» **Data to examine**:

(* (1) Let z be a cut vertex of T + F. As z has at most three neighbours in T,
   some union C of components of T + F - z contains exactly one of them, u, and
   z is internal. Let S be the set of vertices of T' that lie in C or subdivide
   an edge meeting C. No edge of T' but z v_{uz} leaves S, and no link of F'
   does either: its ends are the images of the ends of a link of F, which
   leaves C only towards z, and the image of z subdivides the first edge of a
   tree path from z, whose other end is joined to C in T - z. So z v_{uz} would
   be a bridge of T' + F'.
   (2) Let e' = u v_e with e = uw and let C be the component of u in T - e. At
   least four edges of G leave C, and only e among them is a tree edge. If u
   is internal, the cuts of C and of C - u, each of size at least four, share
   no edge at u, and the cut of C - u minus the edges at u lies in the cut of
   C; hence at least two links leave C while avoiding u. The image of such a
   link joins a vertex of T' inside C to one outside C, so its tree path in T'
   crosses e'. Images of distinct links differ, since two tree paths leaving
   an edge ab of T through a and through b end in different components of
   T - ab. *)

Lemma connect_map (T1 T2 : finType) (e1 : rel T1) (e2 : rel T2) (h : T1 -> T2) :
  (forall x y, e1 x y -> connect e2 (h x) (h y)) ->
  forall x y, connect e1 x y -> connect e2 (h x) (h y).
Proof.
move=> e12 x y /connectP[p + ->]; elim: p x => [|a p IH] x /=; first by rewrite connect0.
by case/andP=> /e12 xa /IH; apply: connect_trans xa.
Qed.
Lemma sum_construct_inputs (R : nmodType) a b (G : word h n -> R) : a != b ->
  ((\sum_(t in inputs a b) G (construct_at t)) *+ #|slice ns i j a b| =
   (\sum_(s in slice ns i j a b) G s) *+ #|inputs a b|)%R.
Proof.
move=> nab; apply: sum_constant_fibres => [t|s s' sC s'C].
  exact: construct_in_slice.
exact: card_fibre_slice.
Qed.

End Fibres.

Section SizeBiasPair.
Variables (R : numDomainType) (h n : nat) (ns : 'I_h -> nat) (i j : 'I_n).
Hypotheses (ns_gt0 : forall a, 0 < ns a) (nij : i != j).
Local Notation M := (msperm n ns).
Local Open Scope ring_scope.

Lemma sum_choices_const p (x : R) : p \in M ->
  \sum_(ab in pairsJ h) \sum_(ist in pos p ab.1) \sum_(jst in pos p ab.2) x = x *+ Zn ns.
Proof.
move=> ms; rewrite /Zn -sumrMnr; apply: eq_bigr => ab _.
by rewrite !sumr_const !(card_pos _ ms) mulrnAC mulrnA.
Qed.

Lemma sum_construct_slice a b (G : word h n -> R) : a != b ->
  (\sum_(t in inputs ns i j a b) G (construct_at i j t)) * #|M|%:R =
  #|noninversions ns i j|%:R * #|offdiag n|%:R * \sum_(s in slice ns i j a b) G s.
Proof.
move=> nab; have nab0 : (ns a * ns b)%:R != 0 :> R.
  by rewrite pnatr_eq0 muln_eq0 negb_or -!lt0n !ns_gt0.
have E := sum_construct_inputs ns nij G nab; rewrite card_inputs in E.
rewrite -[X in X = _]mulr_natr -[X in _ = X]mulr_natr in E.
have /(congr1 (GRing.natmul (1 : R))) := card_slice ns nij nab; rewrite !natrM => C.
by apply: (mulIf nab0); rewrite natrM -[LHS]mulrA -C mulrA E natrM; ring.
Qed.

Lemma sum_pistar_pair (G : word h n -> R) : (0 < #|M|)%N ->
  \sum_(p in M) \sum_(ab in pairsJ h) \sum_(ist in pos p ab.1) \sum_(jst in pos p ab.2)
     G (pistar (p, (i, j), ab, ist, jst)) =
  #|offdiag n|%:R * \sum_(p in inversions ns i j) G p.
Proof.
move=> M_gt0; have M0 : #|M|%:R != 0 :> R by rewrite pnatr_eq0 -lt0n.
set S := \sum_(p in inversions ns i j) G p.
have inv_part : \sum_(p in M | (p j < p i)%N) \sum_(ab in pairsJ h) \sum_(ist in pos p ab.1)
    \sum_(jst in pos p ab.2) G (pistar (p, (i, j), ab, ist, jst)) = S *+ Zn ns.
  rewrite -sumrMnl; apply: eq_big => [p|p /andP[ms inv_p]]; first by rewrite in_inversions.
  rewrite -(sum_choices_const _ ms); apply: eq_bigr => ab _; apply: eq_bigr => ist _.
  by apply: eq_bigr => jst _; rewrite /pistar /= inv_p.
have noninv_part : \sum_(p in M | ~~ (p j < p i)%N) \sum_(ab in pairsJ h) \sum_(ist in pos p ab.1)
    \sum_(jst in pos p ab.2) G (pistar (p, (i, j), ab, ist, jst)) =
    \sum_(ab in pairsJ h) \sum_(t in inputs ns i j ab.1 ab.2) G (construct_at i j t).
  transitivity (\sum_(p in noninversions ns i j) \sum_(ab in pairsJ h)
      \sum_(ist in pos p ab.1) \sum_(jst in pos p ab.2) G (construct_at i j (p, ist, jst))).
    apply: eq_big => [p|p /andP[_ noninv_p]]; first by rewrite in_noninversions.
    apply: eq_bigr => ab _; apply: eq_bigr => ist _.
    by apply: eq_bigr => jst _; rewrite /pistar /= (negbTE noninv_p).
  by rewrite exchange_big; apply: eq_bigr => ab _; rewrite big_inputs.
apply: (mulIf M0); rewrite (bigID (fun p : word h n => (p j < p i)%N)) /=.
rewrite inv_part noninv_part mulrDl mulr_suml.
rewrite (eq_bigr (fun ab => #|noninversions ns i j|%:R * #|offdiag n|%:R *
    \sum_(s in slice ns i j ab.1 ab.2) G s)) => [|ab ab_J]; last first.
  by apply: sum_construct_slice; apply: pairsJ_neq.
rewrite -mulr_sumr -big_inversions -/S.
have card_inv : #|inversions ns i j|%:R * #|offdiag n|%:R = #|M|%:R * (Zn ns)%:R :> R.
  by rewrite -!natrM card_inversions.
have card_M : #|M|%:R = #|inversions ns i j|%:R + #|noninversions ns i j|%:R :> R.
  by rewrite -natrD card_inversions_noninversions.
by rewrite -[S *+ _]mulr_natr -(mulrA S) (mulrC (Zn ns)%:R) -card_inv [in RHS]card_M; ring.
Qed.

End SizeBiasPair.

Section Expectations.
Variables (R : realType) (h n : nat) (ns : 'I_h -> nat).
Local Notation M := (msperm n ns).
Local Open Scope ring_scope.

Lemma ZwE : Zw ns R = (Zn ns)%:R.
Proof. by rewrite /Zw /Zn natr_sum; apply: eq_bigr => ab _; rewrite natrM. Qed.

(* All admissible outcomes [(p, ij, ab, ist, jst)] are equally likely: the weight
   [n_a n_b] of [J = (a, b)] cancels against the number of choices of [ist] and [jst]. *)
Lemma Exp_uniform (Y : Omega h n -> R) :
  Exp ns Y = (#|M|%:R * #|pairsI n|%:R * (Zn ns)%:R)^-1 *
    \sum_(p in M) \sum_(ij in pairsI n) \sum_(ab in pairsJ h)
      \sum_(ist in pos p ab.1) \sum_(jst in pos p ab.2) Y (p, ij, ab, ist, jst).
Proof.
rewrite !pair_big_dep big_mkcond mulr_sumr /Exp.
apply: eq_bigr => -[[[[p ij] ab] ist] jst] _ /=; rewrite /mass ZwE !invfM.
move: (#|M|%:R)^-1 (#|pairsI n|%:R)^-1 ((Zn ns)%:R)^-1 => x y z.
case ms: (p \in M); last by rewrite /= !(mulr0n, mul0r, mulr0).
have card_pos0 c k : k \in pos p c -> (ns c)%:R != 0 :> R.
  by move=> kc; rewrite -(card_pos _ ms) pnatr_eq0 -lt0n; apply/card_gt0P; exists k.
case ia: (ist \in pos p ab.1); last by rewrite /= andbF !(mulr0n, mul0r, mulr0).
case jb: (jst \in pos p ab.2); last by rewrite /= andbF !(mulr0n, mul0r, mulr0).
have na := card_pos0 _ _ ia; have nb := card_pos0 _ _ jb.
rewrite !(card_pos _ ms); case: (ij \in pairsI n); case: (ab \in pairsJ h) => /=;
  by field; rewrite na nb.
Qed.

Lemma Exp_msperm0 (Y : Omega h n -> R) : #|M| = 0%N -> Exp ns Y = 0.
Proof. by move=> M0; rewrite Exp_uniform M0 !mul0r invr0 mul0r. Qed.

Lemma Exp_pi (F : word h n -> R) : (0 < #|pairsI n|)%N -> (0 < Zn ns)%N ->
  Exp ns (fun w => F w.1.1.1.1) = (#|M|%:R)^-1 * \sum_(p in M) F p.
Proof.
move=> I_gt0 Z_gt0; rewrite Exp_uniform.
transitivity ((#|M|%:R * #|pairsI n|%:R * (Zn ns)%:R)^-1 *
  ((\sum_(p in M) F p) * (Zn ns)%:R * #|pairsI n|%:R)).
  congr (_ * _); rewrite !mulr_natr -!sumrMnl; apply: eq_bigr => p ms.
  by rewrite -sumr_const; apply: eq_bigr => ij _ /=; apply: sum_choices_const.
have I0 : #|pairsI n|%:R != 0 :> R by rewrite pnatr_eq0 -lt0n.
have Z0 : (Zn ns)%:R != 0 :> R by rewrite pnatr_eq0 -lt0n.
rewrite !invfM; move: (#|M|%:R)^-1 => m.
by field; rewrite I0 Z0.
Qed.

Lemma inv_sum (p : word h n) :
  (Defs.inv p)%:R = \sum_(ij in pairsI n | (p ij.2 < p ij.1)%N) 1 :> R.
Proof. by rewrite /Defs.inv -sum1_card natr_sum; apply: eq_bigl => ij; rewrite !inE. Qed.

Lemma Exp_W_mul (F : word h n -> R) : (0 < #|pairsI n|)%N -> (0 < Zn ns)%N ->
  Exp ns (fun w => W R w * F w.1.1.1.1) =
  (#|M|%:R)^-1 * \sum_(ij in pairsI n) \sum_(p in inversions ns ij.1 ij.2) F p.
Proof.
move=> I_gt0 Z_gt0; rewrite (Exp_pi (fun p => (Defs.inv p)%:R * F p)) //; congr (_ * _).
under eq_bigr do rewrite inv_sum mulr_suml.
rewrite (exchange_big_dep (mem (pairsI n))) => [|p ij _ /andP[] //].
apply: eq_bigr => ij ijI; apply: eq_big => [p|p _]; last by rewrite mul1r.
by rewrite in_inversions [ij \in _]ijI.
Qed.

Lemma Exp_W : (0 < #|M|)%N -> (0 < #|pairsI n|)%N -> (0 < Zn ns)%N ->
  Exp ns (fun w : Omega h n => W R w) = #|pairsI n|%:R * (Zn ns)%:R / #|offdiag n|%:R.
Proof.
move=> M_gt0 I_gt0 Z_gt0.
have M0 : #|M|%:R != 0 :> R by rewrite pnatr_eq0 -lt0n.
have K0 : #|offdiag n|%:R != 0 :> R.
  by rewrite pnatr_eq0 -lt0n (leq_trans I_gt0) ?card_pairsI_le_offdiag.
transitivity (Exp ns (fun w : Omega h n => W R w * (fun _ => 1) w.1.1.1.1)).
  by apply: eq_bigr => w _; rewrite mulr1.
rewrite (Exp_W_mul (fun _ => 1)) //.
under eq_bigr => ij ijI.
  rewrite sumr_const -[1 *+ _]/(_%:R) -[_%:R](mulfK K0) -natrM card_inversions ?pairsI_neq //.
  over.
by rewrite sumr_const -[_ *+ #|pairsI n|]mulr_natl natrM; field; rewrite M0 K0.
Qed.

Lemma Exp_pistar (G : word h n -> R) : (forall a, 0 < ns a)%N -> (0 < #|M|)%N ->
  Exp ns (fun w => G (pistar w)) = (#|M|%:R * #|pairsI n|%:R * (Zn ns)%:R)^-1 *
    (#|offdiag n|%:R * \sum_(ij in pairsI n) \sum_(p in inversions ns ij.1 ij.2) G p).
Proof.
move=> ns_gt0 M_gt0; rewrite Exp_uniform exchange_big; congr (_ * _); rewrite mulr_sumr.
apply: eq_bigr => -[i j] ijI; apply: sum_pistar_pair => //.
exact: pairsI_neq.
Qed.

End Expectations.

Local Open Scope ring_scope.
Theorem lemma2p8 (R : realType) (h n : nat) (ns : 'I_h -> nat)
  (Hh : (2 <= h)%N) (Hpos : forall a, (0 < ns a)%N)
  (Hsum : (\sum_(a < h) ns a)%N = n) (Hn : (4 <= n)%N)
  (f : R -> R) (Hf : continuous f) :
  Exp ns (fun w : Omega h n => W R w * f (W R w)) =
  Exp ns (fun w : Omega h n => W R w) *
  Exp ns (fun w : Omega h n => f (Wstar R w)).
Proof.
have I_gt0 : (0 < #|pairsI n|)%N by apply: pairsI_gt0; apply: leq_trans Hn.
have Z_gt0 := Zn_gt0 Hh Hpos.
have [M0|M_gt0] := posnP #|msperm n ns|; first by rewrite !Exp_msperm0 ?mul0r.
pose G (p : word h n) := f (Defs.inv p)%:R.
rewrite (Exp_W_mul G) // Exp_W // (Exp_pistar G) //.
have K_gt0 := leq_trans I_gt0 (card_pairsI_le_offdiag n).
by field; rewrite !pnatr_eq0 -!lt0n M_gt0 I_gt0 Z_gt0 K_gt0.
Qed.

» **Task instructions**: Wherever the string "realType" appears in the data above, copy the line it sits in.

» **Response to this exercise**:
Variables (R : realType) (h n : nat) (ns : 'I_h -> nat).
Theorem lemma2p8 (R : realType) (h n : nat) (ns : 'I_h -> nat)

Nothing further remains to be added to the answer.